== RECORDS FOR THE EXERCISE ==

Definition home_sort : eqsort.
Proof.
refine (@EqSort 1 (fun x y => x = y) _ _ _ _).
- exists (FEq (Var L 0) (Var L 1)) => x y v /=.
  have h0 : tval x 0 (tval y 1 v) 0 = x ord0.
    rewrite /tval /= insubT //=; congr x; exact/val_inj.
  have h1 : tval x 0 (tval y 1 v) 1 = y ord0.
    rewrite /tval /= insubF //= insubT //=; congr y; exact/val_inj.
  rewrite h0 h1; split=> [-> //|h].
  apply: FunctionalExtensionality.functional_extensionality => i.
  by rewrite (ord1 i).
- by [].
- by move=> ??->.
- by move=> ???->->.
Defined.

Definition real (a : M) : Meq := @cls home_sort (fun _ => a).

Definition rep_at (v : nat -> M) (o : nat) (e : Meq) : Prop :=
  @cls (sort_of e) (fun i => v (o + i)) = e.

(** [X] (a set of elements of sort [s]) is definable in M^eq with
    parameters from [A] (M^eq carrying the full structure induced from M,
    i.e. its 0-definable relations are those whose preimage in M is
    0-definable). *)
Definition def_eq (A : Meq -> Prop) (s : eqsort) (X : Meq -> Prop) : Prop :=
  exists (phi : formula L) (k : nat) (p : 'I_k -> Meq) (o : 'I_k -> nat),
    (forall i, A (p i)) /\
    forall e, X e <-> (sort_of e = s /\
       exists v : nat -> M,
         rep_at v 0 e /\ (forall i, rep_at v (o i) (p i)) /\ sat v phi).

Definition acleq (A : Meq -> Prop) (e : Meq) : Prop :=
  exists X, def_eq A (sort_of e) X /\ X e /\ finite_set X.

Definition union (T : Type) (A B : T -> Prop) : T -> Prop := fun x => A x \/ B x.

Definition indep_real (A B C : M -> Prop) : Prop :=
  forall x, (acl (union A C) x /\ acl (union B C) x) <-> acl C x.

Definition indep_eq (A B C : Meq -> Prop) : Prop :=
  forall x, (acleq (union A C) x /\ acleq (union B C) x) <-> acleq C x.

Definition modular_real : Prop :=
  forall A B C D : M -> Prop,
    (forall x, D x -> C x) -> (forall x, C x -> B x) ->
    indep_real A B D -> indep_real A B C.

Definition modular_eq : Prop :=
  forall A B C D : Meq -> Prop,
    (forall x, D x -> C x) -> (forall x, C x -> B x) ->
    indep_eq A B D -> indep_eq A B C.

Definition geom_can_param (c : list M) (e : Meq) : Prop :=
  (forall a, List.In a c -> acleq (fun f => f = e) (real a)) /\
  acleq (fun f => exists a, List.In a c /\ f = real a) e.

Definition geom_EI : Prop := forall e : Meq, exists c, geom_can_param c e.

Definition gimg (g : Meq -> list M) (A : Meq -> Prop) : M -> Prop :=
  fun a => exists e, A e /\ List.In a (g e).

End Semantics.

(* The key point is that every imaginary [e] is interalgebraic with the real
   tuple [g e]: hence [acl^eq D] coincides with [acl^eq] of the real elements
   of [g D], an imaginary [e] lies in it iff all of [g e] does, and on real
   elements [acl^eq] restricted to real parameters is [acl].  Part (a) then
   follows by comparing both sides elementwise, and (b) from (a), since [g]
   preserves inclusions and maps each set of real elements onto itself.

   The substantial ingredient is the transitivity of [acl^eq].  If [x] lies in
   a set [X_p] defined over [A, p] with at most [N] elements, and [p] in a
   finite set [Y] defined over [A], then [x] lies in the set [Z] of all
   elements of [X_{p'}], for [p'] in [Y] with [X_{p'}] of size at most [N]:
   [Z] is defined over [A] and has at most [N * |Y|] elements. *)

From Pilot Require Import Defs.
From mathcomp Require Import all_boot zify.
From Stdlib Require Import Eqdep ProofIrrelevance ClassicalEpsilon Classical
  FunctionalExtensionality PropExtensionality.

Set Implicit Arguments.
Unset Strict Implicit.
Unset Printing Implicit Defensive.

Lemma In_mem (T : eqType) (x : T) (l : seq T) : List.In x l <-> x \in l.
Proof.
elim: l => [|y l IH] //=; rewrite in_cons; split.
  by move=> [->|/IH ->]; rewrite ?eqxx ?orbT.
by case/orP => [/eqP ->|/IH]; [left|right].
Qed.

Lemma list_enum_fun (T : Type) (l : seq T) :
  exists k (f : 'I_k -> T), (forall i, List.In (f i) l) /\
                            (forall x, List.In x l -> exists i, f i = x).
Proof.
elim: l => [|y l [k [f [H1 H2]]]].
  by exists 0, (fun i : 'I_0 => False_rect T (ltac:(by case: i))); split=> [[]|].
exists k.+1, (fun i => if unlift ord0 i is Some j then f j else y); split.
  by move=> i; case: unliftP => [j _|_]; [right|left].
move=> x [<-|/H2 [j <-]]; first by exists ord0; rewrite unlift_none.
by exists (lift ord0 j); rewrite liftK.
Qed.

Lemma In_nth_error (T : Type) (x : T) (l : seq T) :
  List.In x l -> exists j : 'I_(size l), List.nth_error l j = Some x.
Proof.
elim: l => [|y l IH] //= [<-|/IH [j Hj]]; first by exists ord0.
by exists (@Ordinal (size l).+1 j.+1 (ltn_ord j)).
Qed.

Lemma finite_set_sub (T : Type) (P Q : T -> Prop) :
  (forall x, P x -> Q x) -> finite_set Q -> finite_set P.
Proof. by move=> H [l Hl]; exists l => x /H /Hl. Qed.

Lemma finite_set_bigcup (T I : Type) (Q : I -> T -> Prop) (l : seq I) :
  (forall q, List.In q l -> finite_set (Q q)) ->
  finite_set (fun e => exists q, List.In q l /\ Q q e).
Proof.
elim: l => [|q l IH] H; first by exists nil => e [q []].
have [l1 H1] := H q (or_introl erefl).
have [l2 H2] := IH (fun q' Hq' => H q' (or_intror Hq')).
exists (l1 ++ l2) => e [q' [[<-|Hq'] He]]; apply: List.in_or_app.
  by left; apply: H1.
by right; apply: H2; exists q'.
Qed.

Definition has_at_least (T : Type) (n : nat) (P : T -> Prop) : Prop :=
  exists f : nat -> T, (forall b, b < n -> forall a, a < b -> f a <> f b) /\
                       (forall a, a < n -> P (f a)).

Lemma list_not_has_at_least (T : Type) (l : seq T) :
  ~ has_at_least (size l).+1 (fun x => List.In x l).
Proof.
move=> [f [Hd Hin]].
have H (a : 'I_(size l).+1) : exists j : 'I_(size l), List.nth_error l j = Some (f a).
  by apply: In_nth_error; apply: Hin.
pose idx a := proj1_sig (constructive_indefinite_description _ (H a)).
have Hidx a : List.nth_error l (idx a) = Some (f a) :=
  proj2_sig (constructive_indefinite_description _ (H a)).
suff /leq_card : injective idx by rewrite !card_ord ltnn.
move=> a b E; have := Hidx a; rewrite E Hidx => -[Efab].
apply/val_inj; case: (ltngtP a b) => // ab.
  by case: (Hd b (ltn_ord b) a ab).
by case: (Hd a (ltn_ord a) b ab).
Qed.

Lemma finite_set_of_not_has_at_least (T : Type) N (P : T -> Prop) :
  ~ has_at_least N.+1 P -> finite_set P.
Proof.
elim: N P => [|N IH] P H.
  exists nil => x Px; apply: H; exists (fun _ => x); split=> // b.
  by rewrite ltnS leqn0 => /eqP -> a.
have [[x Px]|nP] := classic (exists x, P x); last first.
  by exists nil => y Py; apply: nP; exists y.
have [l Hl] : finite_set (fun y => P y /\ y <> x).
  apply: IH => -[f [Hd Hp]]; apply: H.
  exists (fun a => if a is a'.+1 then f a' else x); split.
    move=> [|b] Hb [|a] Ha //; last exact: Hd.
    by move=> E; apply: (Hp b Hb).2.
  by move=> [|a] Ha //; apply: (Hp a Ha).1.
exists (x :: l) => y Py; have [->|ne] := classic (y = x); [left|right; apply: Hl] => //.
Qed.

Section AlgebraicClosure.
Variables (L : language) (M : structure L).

===

__YOUR TASK__: Reproduce the lines above, beginning at the line with "Lemma In_mem (T" and stopping after the line with "by move=> i;", exactly as they are.

__SOLUTION TO THE PROBLEM__:
Lemma In_mem (T : eqType) (x : T) (l : seq T) : List.In x l <-> x \in l.
Proof.
elim: l => [|y l IH] //=; rewrite in_cons; split.
  by move=> [->|/IH ->]; rewrite ?eqxx ?orbT.
by case/orP => [/eqP ->|/IH]; [left|right].
Qed.

Lemma list_enum_fun (T : Type) (l : seq T) :
  exists k (f : 'I_k -> T), (forall i, List.In (f i) l) /\
                            (forall x, List.In x l -> exists i, f i = x).
Proof.
elim: l => [|y l [k [f [H1 H2]]]].
  by exists 0, (fun i : 'I_0 => False_rect T (ltac:(by case: i))); split=> [[]|].
exists k.+1, (fun i => if unlift ord0 i is Some j then f j else y); split.
  by move=> i; case: unliftP => [j _|_]; [right|left].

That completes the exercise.